For additional notes on adding MSA paths to the inference query json, see the main {ref}`How-To document MSA Paths <4-specifying-paths-in-the-inference-query-file>` section.

(5-msa-generation-best-practices)=
## 5. Best Practices and Additional Notes

1. *Run proteins and RNA separately*: If you need to align both proteins and RNA, you have to make two separate configs and have two separate calls to the pipeline, one for each modality.

2. *Run with one database at a time*: Running multiple databases at once will work just fine, but for generating MSAs at scale (for instance, for 100 sequences), we recommend running only a single database at a time - this leads to faster runtimes as the database can be more aggressively cached in memory.
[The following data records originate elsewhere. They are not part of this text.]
Lemma sat_decompose p e :
  const_free p -> sat M e p <-> sat_dnf (pi1 \o e) (pi2 \o e) (decompose p).
Proof.
elim: p e => [t u|R ts|q IH|q IHq r IHr|x q IH] e /=.
- case/andP=> t_var u_var; rewrite !eval_proj1_term // !eval_proj2_term //.
  by split=> [->|[[eq1 eq2]|[]]]; [left|apply: pi_inj].
- by move/forallP; apply: sat_decompose_atom.
- move=> /(IH e) {}IH.
  by have := sat_dnf_neg (pi1 \o e) (pi2 \o e) (decompose q); tauto.
- case/andP=> /(IHq e) {}IHq /(IHr e) {}IHr.
  by have := sat_dnf_and (pi1 \o e) (pi2 \o e) (decompose q) (decompose r); tauto.
move=> q_cf; rewrite sat_dnf_ex; split=> [[m /IH]|[a1 [a2]]].
  by rewrite comp_upd comp_upd => /(_ q_cf) ?; exists (pi1 m), (pi2 m).
have [m [<- <-]] := pi_pair a1 a2; rewrite -!comp_upd => /IH sat_m.
by exists m; apply: sat_m.
Qed.

End FefermanVaught.

Section ModelDecomposition.
Variables (L1 L2 : lang) (d1 : const L1) (d2 : const L2).
Variables (T1 : theory L1) (T2 : theory L2) (M : structure (Lsim L1 L2)).
Hypothesis M_model : model_of M (Tsim d1 d2 T1 T2).
Local Notation Ls := (Lsim L1 L2).

Lemma Tsim_Tx : Tx_semantics M.
Proof. by apply/Tx_axiomsP=> p Tx_p e; apply: M_model; left. Qed.

Lemma rel1_equiv : Equivalence (@rel1 _ _ M). Proof. by case: Tsim_Tx. Qed.
Lemma rel2_equiv : Equivalence (@rel2 _ _ M). Proof. by case: Tsim_Tx. Qed.

Lemma Tsim_invariance1 (R : psym L1) (f g : 'I_(arity R) -> M) :
  (forall i, rel1 (f i) (g i)) ->
  ipred M (SP1 L1 L2 R : psym Ls) f <-> ipred M (SP1 L1 L2 R : psym Ls) g.
Proof.
move: f g; apply: (invarianceP (SP1 L1 L2 R : psym Ls) (iconst M (d1, d2))
                             (@sat_fsim1 _ _ M)).1 => e.
by apply: M_model; right; right; right; left; exists R.
Qed.

Lemma Tsim_invariance2 (R : psym L2) (f g : 'I_(arity R) -> M) :
  (forall i, rel2 (f i) (g i)) ->
  ipred M (SP2 L1 L2 R : psym Ls) f <-> ipred M (SP2 L1 L2 R : psym Ls) g.
Proof.
move: f g; apply: (invarianceP (SP2 L1 L2 R : psym Ls) (iconst M (d1, d2))
                             (@sat_fsim2 _ _ M)).1 => e.
by apply: M_model; right; right; right; right; exists R.
Qed.

Definition component1 : structure L1 :=
  quotient_structure (@rel1 _ _ M) (fun c => iconst M (c, d2))
    (fun R => ipred M (SP1 L1 L2 R : psym Ls)).

Definition component2 : structure L2 :=
  quotient_structure (@rel2 _ _ M) (fun c => iconst M (d1, c))
    (fun R => ipred M (SP2 L1 L2 R : psym Ls)).

Definition pi1 : M -> component1 := cls (@rel1 _ _ M).
Definition pi2 : M -> component2 := cls (@rel2 _ _ M).

Lemma ipred_component1 R f : ipred M (SP1 L1 L2 R : psym Ls) f <-> ipred component1 R (pi1 \o f).
Proof.
apply: iff_sym; apply: (quotient_ipred rel1_equiv) => g h gh.
exact: (Tsim_invariance1 gh).1.
Qed.

Lemma ipred_component2 R f : ipred M (SP2 L1 L2 R : psym Ls) f <-> ipred component2 R (pi2 \o f).
Proof.
apply: iff_sym; apply: (quotient_ipred rel2_equiv) => g h gh.
exact: (Tsim_invariance2 gh).1.
Qed.

Lemma rel1_pi1 x y : rel1 x y <-> pi1 x = pi1 y.
Proof. exact: iff_sym (eq_cls rel1_equiv x y). Qed.

Lemma rel2_pi2 x y : rel2 x y <-> pi2 x = pi2 y.
Proof. exact: iff_sym (eq_cls rel2_equiv x y). Qed.

Lemma component1_model : model_of component1 T1.
Proof.
move=> s T1s e; rewrite -[e](funext (fun k => cls_rep (e k))).
apply/(sat_conv1 (d := d2) _ rel1_pi1 ipred_component1) => //.
  by move=> y; exists (rep y); apply: cls_rep.
by apply: M_model; right; left; exists s.
Qed.

Lemma component2_model : model_of component2 T2.
Proof.
move=> s T2s e; rewrite -[e](funext (fun k => cls_rep (e k))).
apply/(sat_conv2 (d := d1) _ rel2_pi2 ipred_component2) => //.
  by move=> y; exists (rep y); apply: cls_rep.
by apply: M_model; right; right; left; exists s.
Qed.

Lemma pi_pair a1 a2 : exists m, pi1 m = a1 /\ pi2 m = a2.
Proof.
rewrite -(cls_rep a1) -(cls_rep a2); case: Tsim_Tx => _ _ _ /(_ (rep a1) (rep a2))[m [r1 r2]].
by exists m; split; apply/esym; [apply/rel1_pi1|apply/rel2_pi2].
Qed.

Lemma pi_inj x y : pi1 x = pi1 y -> pi2 x = pi2 y -> x = y.
Proof. by case: Tsim_Tx => _ _ inter _ /rel1_pi1 r1 /rel2_pi2; apply: inter. Qed.

Lemma sat_decompose_components p e : const_free p ->
  sat M e p <-> sat_dnf (pi1 \o e) (pi2 \o e) (decompose p).
Proof.
apply: sat_decompose; [exact: pi_pair|exact: pi_inj|exact: rel1_pi1|exact: rel2_pi2|..].
  exact: ipred_component1.
exact: ipred_component2.
Qed.

Lemma IP_in_Tsim_model p xs :
  IP_in M p xs -> (exists p1, has_IP T1 p1 xs) \/ (exists p2, has_IP T2 p2 xs).
Proof.
case/IP_in_const_free=> p' p'_cf [a [b ab]].
have := IP_in_infinite_VC ab.
move=> /(infinite_VC_ext (fun s I => sat_decompose_components _ p'_cf)).
case/infinite_VC_dnf=> [[p1 VC1]|[p2 VC2]]; [left; exists p1|right; exists p2].
  apply: (infinite_VC_has_IP (a := fun s => pi1 \o a s) (b := fun I => pi1 \o b I)
           component1_model).
  by apply: infinite_VC_ext VC1 => s I; rewrite comp_mix.
apply: (infinite_VC_has_IP (a := fun s => pi2 \o a s) (b := fun I => pi2 \o b I)
         component2_model).
by apply: infinite_VC_ext VC2 => s I; rewrite comp_mix.
Qed.

End ModelDecomposition.

Theorem theorem3p2 (L1 L2 : lang) (d1 : const L1) (d2 : const L2)
  (T1 : theory L1) (T2 : theory L2) :
  (forall s, T1 s -> sentence s) -> (forall s, T2 s -> sentence s) ->
  consistent T1 -> consistent T2 ->
  (NIP (Tsim d1 d2 T1 T2) <-> NIP T1 /\ NIP T2).
Proof.
move=> _ _ T1_cons T2_cons; split=> [NIPsim|[NIP1 NIP2] p xs [M [M_model IP]]].
  split=> p xs IP; first exact: NIPsim _ xs (IP_conv1 d1 d2 T2_cons IP).
  exact: NIPsim _ xs (IP_conv2 d1 d2 T1_cons IP).
by case: (IP_in_Tsim_model M_model IP) => [[p1]|[p2]]; [apply: NIP1|apply: NIP2].
Qed.
Lemma all_prime_first_primes l : all prime (first_primes l).
Proof. by apply/allP => q /mapP[j _ ->]; exact: prime_nth_prime0. Qed.

Lemma uniq_first_primes l : uniq (first_primes l).
Proof.
rewrite map_inj_in_uniq ?iota_uniq // => j k.
rewrite !mem_iota /p_ => /andP[j1 _] /andP[k1 _] /nth_prime0_inj; lia.
Qed.

Lemma two_in_first_primes l : 0 < l -> 2 \in first_primes l.
Proof. by move=> l_gt0; apply/mapP; exists 1; rewrite // mem_iota; lia. Qed.

Definition pi_M l : nat_pred := [pred q | q \in first_primes l].

Lemma in_ME l m : in_M l m = (pi_M l).-nat m.
Proof. by []. Qed.

Lemma in_M_gt0 l m : in_M l m -> 0 < m.
Proof. by case/andP. Qed.

Definition primorial l := \prod_(p <- first_primes l) p.

Lemma primorial_pnat l : (pi_M l).-nat (primorial l).
Proof.
rewrite /primorial big_seq; apply: (big_ind (pnat (pi_M l))) => [//|x y|p pM].
  by rewrite pnatM => ->.
have /allP/(_ p pM) p_pr := all_prime_first_primes l.
by rewrite pnatE.
Qed.

Lemma primorial_gt0 l : 0 < primorial l.
Proof. by case/andP: (primorial_pnat l). Qed.

Lemma dvd2_primorial l : 0 < l -> 2 %| primorial l.
Proof.
by move=> l_gt0; rewrite /primorial (big_rem _ (two_in_first_primes l_gt0)) dvdn_mulr.
Qed.

Lemma coprime_primorialE l m : 0 < m -> coprime (primorial l) m = (pi_M l)^'.-nat m.
Proof.
move=> m_gt0; apply/idP/idP; last exact/pnat_coprime/primorial_pnat.
move=> co; apply/pnatP => // p p_pr p_dvd_m; apply/negP => /= pM.
have p_dvd : p %| primorial l by rewrite /primorial (big_rem _ pM) dvdn_mulr.
by have := coprime_dvdl p_dvd co; rewrite prime_coprime // p_dvd_m.
Qed.

Lemma totient_prod_primes (s : seq nat) : all prime s -> uniq s ->
  totient (\prod_(p <- s) p) = \prod_(p <- s) p.-1.
Proof.
elim: s => [|q s IH]; first by rewrite !big_nil.
rewrite /= => /andP[q_pr s_pr] /andP[q_s s_uniq]; rewrite !big_cons totient_coprime.
  by rewrite totient_prime // IH.
rewrite prime_coprime // Euclid_dvd_prod // big_has; apply/hasPn => p p_s.
by rewrite dvdn_prime2 ?(allP s_pr p p_s) //; apply: contraNneq q_s => ->.
Qed.



(** * Primitive sets and odd parts *)

Lemma primitive_natP (s : seq nat) :
  reflect {in s &, forall x y, x %| y -> x = y} (primitive_nat s).
Proof.
apply: (iffP allP) => [prim x y xs ys dvd_xy|prim x xs].
  by move/allP: (prim x xs) => /(_ y ys); rewrite dvd_xy => /eqP.
by apply/allP => y ys; apply/implyP => dvd_xy; apply/eqP/prim.
Qed.

Lemma leq_part pi x : 0 < x -> x`_pi <= x.
Proof. by move=> x_gt0; apply/dvdn_leq/dvdn_part. Qed.

Lemma odd_odd_part x : odd x`_2^'.
Proof. by rewrite odd_2'nat part_pnat. Qed.

Lemma odd_part_dvd_or x y : 0 < x -> 0 < y -> x`_2^' = y`_2^' -> (x %| y) || (y %| x).
Proof.
move=> x_gt0 y_gt0 e; rewrite -(partnC 2 x_gt0) -(partnC 2 y_gt0) e !p_part.
rewrite !dvdn_pmul2r ?part_gt0 // !dvdn_Pexp2l //.
by case: leqP => // /ltnW ->.
Qed.

Lemma primitive_odd_part_inj (s : seq nat) : primitive_nat s -> {in s, forall x, 0 < x} ->
  {in s &, injective (fun x => x`_2^')}.
Proof.
move=> /primitive_natP prim s_gt0 x y xs ys e.
case/orP: (odd_part_dvd_or (s_gt0 x xs) (s_gt0 y ys) e) => [|/prim-> //]; exact: prim.
Qed.

Lemma mem_valP a (C : {set 'I_a}) (x : nat) :
  reflect (exists2 k, k \in C & x = k) (x \in [seq val k | k in C]).
Proof.
by apply: (iffP mapP) => [[k]|[k]]; rewrite ?mem_enum => kC ->; exists k; rewrite ?mem_enum.
Qed.

Lemma to_natsP N (A : {set 'I_N}) x :
  reflect (exists2 i, i \in A & x = i.+1) (x \in to_nats A).
Proof.
by apply: (iffP mapP) => [[k]|[k]]; rewrite ?mem_enum => kA ->; exists k; rewrite ?mem_enum.
Qed.

Lemma to_nats_bnd N (A : {set 'I_N}) x : x \in to_nats A -> 0 < x <= N.
Proof. by case/to_natsP => i _ ->; rewrite ltn_ord. Qed.

Lemma mem_to_nats N (A : {set 'I_N}) (i : 'I_N) : (i.+1 \in to_nats A) = (i \in A).
Proof.
by apply/to_natsP/idP => [[j jA [/val_inj->]]|iA] //; exists i.
Qed.

Lemma card_odd_succ n : #|[set j : 'I_n.*2 | odd j.+1]| = n.
Proof.
rewrite -sum1_card big_mkcond /=.
under eq_bigr => i _ do rewrite inE.
rewrite -(big_mkord xpredT (fun j => if ~~ odd j then 1 else 0)).
elim: n => [|n IH]; first by rewrite big_geq.
by rewrite doubleS !big_nat_recr //= IH /= odd_double /=; lia.
Qed.

Lemma primitive_odd_part_surj n (A : {set 'I_n.*2}) y :
  #|A| = n -> primitive_nat (to_nats A) -> odd y -> 0 < y <= n.*2 ->
  exists2 x, x \in to_nats A & x`_2^' = y.
Proof.
move=> cardA prim odd_y /andP[y_gt0 y_le].
pose h (i : 'I_n.*2) : 'I_n.*2 := insubd i (i.+1`_2^').-1.
have hE i : h i = (i.+1`_2^').-1 :> nat.
  rewrite val_insubd ifT //; have := leq_part 2^' (ltn0Sn i).
  by have := part_gt0 2^' i.+1; have := ltn_ord i; lia.
have h_inj : {in A &, injective h}.
  move=> i j iA jA /(congr1 val); rewrite /= !hE => e; apply/val_inj/succn_inj.
  have e2 : i.+1`_2^' = j.+1`_2^'.
    by move: e; have := part_gt0 2^' i.+1; have := part_gt0 2^' j.+1; lia.
  apply: (primitive_odd_part_inj prim) e2; rewrite ?mem_to_nats //.
  by move=> z /to_natsP[k _ ->].
set O := [set j : 'I_n.*2 | odd j.+1].
have hA : h @: A = O.
  apply/eqP; rewrite eqEcard (card_in_imset h_inj) cardA card_odd_succ leqnn andbT.
  by apply/subsetP => _ /imsetP[i _ ->]; rewrite inE hE prednK ?part_gt0 ?odd_odd_part.
have y1_lt : y.-1 < n.*2 by lia.
have : Ordinal y1_lt \in O by rewrite inE prednK.
rewrite -hA => /imsetP[i iA /(congr1 val)]; rewrite /= hE => e.
exists i.+1; first by rewrite mem_to_nats.
by move: e; have := part_gt0 2^' i.+1; lia.
Qed.

Lemma f_prim_gt0 n : 0 < f_prim n.
Proof.
have top_lt (k : 'I_n) : n + k < n.*2 by rewrite -addnn ltn_add2l.
pose top k := Ordinal (top_lt k).
rewrite card_gt0; apply/set0Pn; exists [set top k | k : 'I_n]; rewrite inE.
rewrite card_imset ?card_ord ?eqxx /=; last by move=> j k [/addnI/val_inj].
apply/primitive_natP => _ _ /to_natsP[_ /imsetP[i _ ->] ->] /to_natsP[_ /imsetP[j _ ->] ->].
move=> /= /dvdnP[k ejk]; have := ltn_ord i; have := ltn_ord j.
by case: k ejk => [|[|k]] ejk; [rewrite mul0n in ejk | rewrite mul1n in ejk | nia].
Qed.

(** * Antichains of M_l(i) and fibres of primitive sets *)

Lemma in_M_mul l a b : in_M l (a * b) = in_M l a && in_M l b.
Proof. by rewrite !in_ME pnatM. Qed.

Lemma in_M_odd_part l k : in_M l k -> in_M l k`_2^'.
Proof. by rewrite !in_ME; apply/pnat_dvd/dvdn_part. Qed.

Lemma in_M_two_part l x : 0 < l -> in_M l x`_2.
Proof.
move=> l_gt0; rewrite in_ME; apply: sub_in_pnat (part_pnat 2 x) => p _.
by rewrite !inE => /eqP->; exact: two_in_first_primes.
Qed.
From HB Require Import structures.
From mathcomp Require Import all_boot all_order all_algebra.
From mathcomp Require Import all_classical all_reals.
From mathcomp Require Import ring lra.
Import Order.TTheory GRing.Theory Num.Theory.
Set Implicit Arguments.
Unset Strict Implicit.
Local Open Scope ring_scope.

(* The local coercivity assumption, summed over the vertices, bounds
   [b_D(Pi_FV u, Pi_C Pi_FV u)] from below by [theta2 (2 mu_lo |eps(Pi_FV u)|^2
   + J(Pi_FV u))], because [Pi_FV u] coincides with [Pi_FV,s u] around every
   vertex [s].  Conversely [|u|_T^2 <= d |Pi_FV u|_D^2]: [gamma_sigma u] is the
   [d_{K,sigma}^-1]-weighted mean of the neighbouring cell values, hence the best
   constant approximation of them, and every subcell is the union of the cones
   of apex [x_K] over its subfaces.  The constants [c_D], [c_K] and [c_L2] then
   bound [|Pi_FV u|_D^2] by the same two quantities, which yields [Theta].  In
   the pure Neumann case all these quantities are invariant under subtracting
   a rigid motion, with which [Pi_FV] commutes by uniqueness of the
   constrained minimizers, so the estimate passes to the infima defining the
   quotient norms. *)

Section Elementary.
Variables (R : realType) (d : nat).
Local Notation vec := 'rV[R]_d.
Local Notation mat := 'M[R]_d.
(* Windows built from approximations a', b' (within r) of the endpoints of [a, b):
   the outer one contains [a, b), the inner one is contained in [a, b) or empty,
   and both lengths are within 4 r of b - a. *)
Definition window_lo (r a : R) (outer : bool) : R := if outer then a - r else a + r.

Definition window_hi (r a b : R) (outer : bool) : R :=
  if outer then b + r else Num.max (a + r) (b - r).

Section Windows.
Variables (eps u r a b a' b' : R).

Lemma count_dev_le_outer : 0 < eps -> a <= b -> 0 <= u < 1 ->
  `|a - a'| <= r -> `|b - b'| <= r ->
  (lattice_count eps u a b)%:R - (b - a) / eps
  <= roundup_dev eps u (window_lo r a' true) (window_hi r a' b' true) + 4 * r / eps.
Proof.
rewrite /window_lo /window_hi !ler_norml => eps_gt0 ab u01.
move=> /andP[a'_le a'_ge] /andP[b'_le b'_ge].
have window_le : a' - r <= b' + r by lra.
rewrite -lattice_count_dev //.
have : (lattice_count eps u a b)%:R <= (lattice_count eps u (a' - r) (b' + r))%:R :> R.
  by rewrite ler_nat lattice_count_le //; lra.
have : (b' + r - (a' - r)) / eps <= (b - a) / eps + 4 * r / eps.
  by rewrite -mulrDl ler_pM2r ?invr_gt0 //; lra.
lra.
Qed.

Lemma count_dev_ge_inner : 0 < eps -> 0 <= u < 1 ->
  `|a - a'| <= r -> `|b - b'| <= r ->
  roundup_dev eps u (window_lo r a' false) (window_hi r a' b' false) - 4 * r / eps
  <= (lattice_count eps u a b)%:R - (b - a) / eps.
Proof.
rewrite /window_lo /window_hi !ler_norml => eps_gt0 u01.
move=> /andP[a'_le a'_ge] /andP[b'_le b'_ge].
rewrite -lattice_count_dev ?le_max ?lexx //.
have : (lattice_count eps u (a' + r) (Num.max (a' + r) (b' - r)))%:R
    <= (lattice_count eps u a b)%:R :> R.
  rewrite ler_nat; have [le|/ltW le] := leP (a' + r) (b' - r).
    by rewrite lattice_count_le //; lra.
  by rewrite lattice_count_eq0.
have max_ge : b' - r <= Num.max (a' + r) (b' - r) by rewrite le_max lexx orbT.
have : (b - a) / eps - 4 * r / eps <= (Num.max (a' + r) (b' - r) - (a' + r)) / eps.
  by rewrite -mulrBl ler_pM2r ?invr_gt0 //; lra.
lra.
Qed.
End Windows.

End LatticeCount.

(** * Probabilistic estimates *)

Section ArcMeasure.
Variable R : realType.

Lemma lebesgue_measure_itv_co (a b : R) : a <= b ->
  lebesgue_measure (`[a, b[ : set R) = (b - a)%:E.
Proof.
move=> ab; rewrite lebesgue_measure_itv /= lte_fin.
have [a_lt_b|b_le_a] := ltP a b; first by rewrite EFinB.
suff -> : b = a by rewrite subrr.
by apply/eqP; rewrite eq_le b_le_a ab.
Qed.

Lemma measurable_arc_set (p s : R) : measurable (arc_set p s).
Proof. by rewrite /arc_set; apply: measurableU; exact: measurable_itv. Qed.

Lemma lebesgue_arc_set (p s : R) : 0 <= p < 1 -> 0 <= s < 1 ->
  lebesgue_measure (arc_set p s `&` `[0, 1[) = p%:E.
Proof.
move=> /andP[p_ge0 p_lt1] /andP[s_ge0 s_lt1].
have [s_le_p|p_lt_s] := leP s p; last first.
  have -> : arc_set p s `&` `[0, 1[ = (`[1 - s, 1 + p - s[%classic : set R).
    apply/seteqP; split => x /=; rewrite /arc_set /= !in_itv /=.
      by move=> [[/andP[h1 h2]|/andP[h1 h2]] /andP[h3 h4]]; apply/andP; split; lra.
    by move=> /andP[h1 h2]; split; [right|]; apply/andP; split; lra.
  by apply: eq_trans (lebesgue_measure_itv_co _) _; [lra | congr EFin; ring].
have -> : arc_set p s `&` `[0, 1[ = (`[0, p - s[%classic : set R) `|` `[1 - s, 1[.
  apply/seteqP; split => x /=; rewrite /arc_set /= !in_itv /=.
    by move=> [[/andP[h1 h2]|/andP[h1 h2]] /andP[h3 h4]]; [left|right]; apply/andP; split; lra.
  by move=> [/andP[h1 h2]|/andP[h1 h2]]; split; try (apply/andP; split; lra);
    [left|right]; apply/andP; split; lra.
have disj : `[0, p - s[ `&` `[1 - s, 1[ = set0 :> set R.
  by apply/seteqP; split => x //=; rewrite !in_itv /= => -[/andP[h1 h2] /andP[h3 h4]]; lra.
rewrite measureU ?disj //; try exact: measurable_itv.
have ps_ge0 : 0 <= p - s by lra.
have s_le1 : 1 - s <= 1 by lra.
rewrite [X in (X + _)%E](_ : _ = (p - s - 0)%:E); last exact: lebesgue_measure_itv_co.
rewrite [X in (_ + X)%E](_ : _ = (1 - (1 - s))%:E); last exact: lebesgue_measure_itv_co.
by rewrite -EFinD; congr EFin; ring.
Qed.
End ArcMeasure.

Lemma mem_bigsetU (T : Type) (I : finType) (Q : pred I) (F : I -> set T) w :
  (\big[setU/set0]_(i | Q i) F i) w <-> exists2 i, Q i & F i w.
Proof.
split; last by case=> i Qi Fw; rewrite (bigD1 i) //=; left.
by elim/big_rec: _ => [//|i X Qi IH [Fw|Xw]]; [exists i | exact: IH].
Qed.

Lemma measure_bigsetU_le d (T : measurableType d) (R : realType)
    (mu : {measure set T -> \bar R}) (I : finType) (Q : pred I) (F : I -> set T) :
  (forall i, measurable (F i)) ->
  (mu (\big[setU/set0]_(i | Q i) F i) <= \sum_(i | Q i) mu (F i))%E.
Proof.
move=> mF; suff [] : measurable (\big[setU/set0]_(i | Q i) F i) /\
    (mu (\big[setU/set0]_(i | Q i) F i) <= \sum_(i | Q i) mu (F i))%E by [].
apply: (big_rec2 (fun A s => measurable A /\ (mu A <= s)%E)).
  by rewrite measure0.
move=> i A s _ [mA muA_le]; split; first exact: measurableU.
by apply: le_trans (measureU2 _ _ _) _ => //; rewrite leeD2l.
Qed.

Lemma probability_setC_ge d (T : measurableType d) (R : realType)
    (P : probability T R) (A : set T) (x : R) :
  measurable A -> (P A <= x%:E)%E -> ((1 - x)%:E <= P (~` A))%E.
Proof.
move=> mA PA_le; rewrite probability_setC //.
have PA_fin : P A \is a fin_num by rewrite ge0_fin_numE ?(le_lt_trans PA_le) ?ltry.
by rewrite -(fineK PA_fin) -EFinB lee_fin lerB // -lee_fin fineK.
Qed.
3. *Use whole-node jobs on HPC clusters*: While snakemake has great support for running individual jobs across a cluster, we find that the optimal way to use our alignment pipeline on a typical academic HPC is to submit independent snakemake jobs that use a whole node at a time. The main reason for this is that alignments generally work best when the alignment databases are stored on node-local SSD based storage. This typically requires copying data each time a job is run on a node as in most clusters node-local storage is not peristent. Therefore a typical workflow involves first copying alignment DBs to a node, and then running snakemake locally on that node.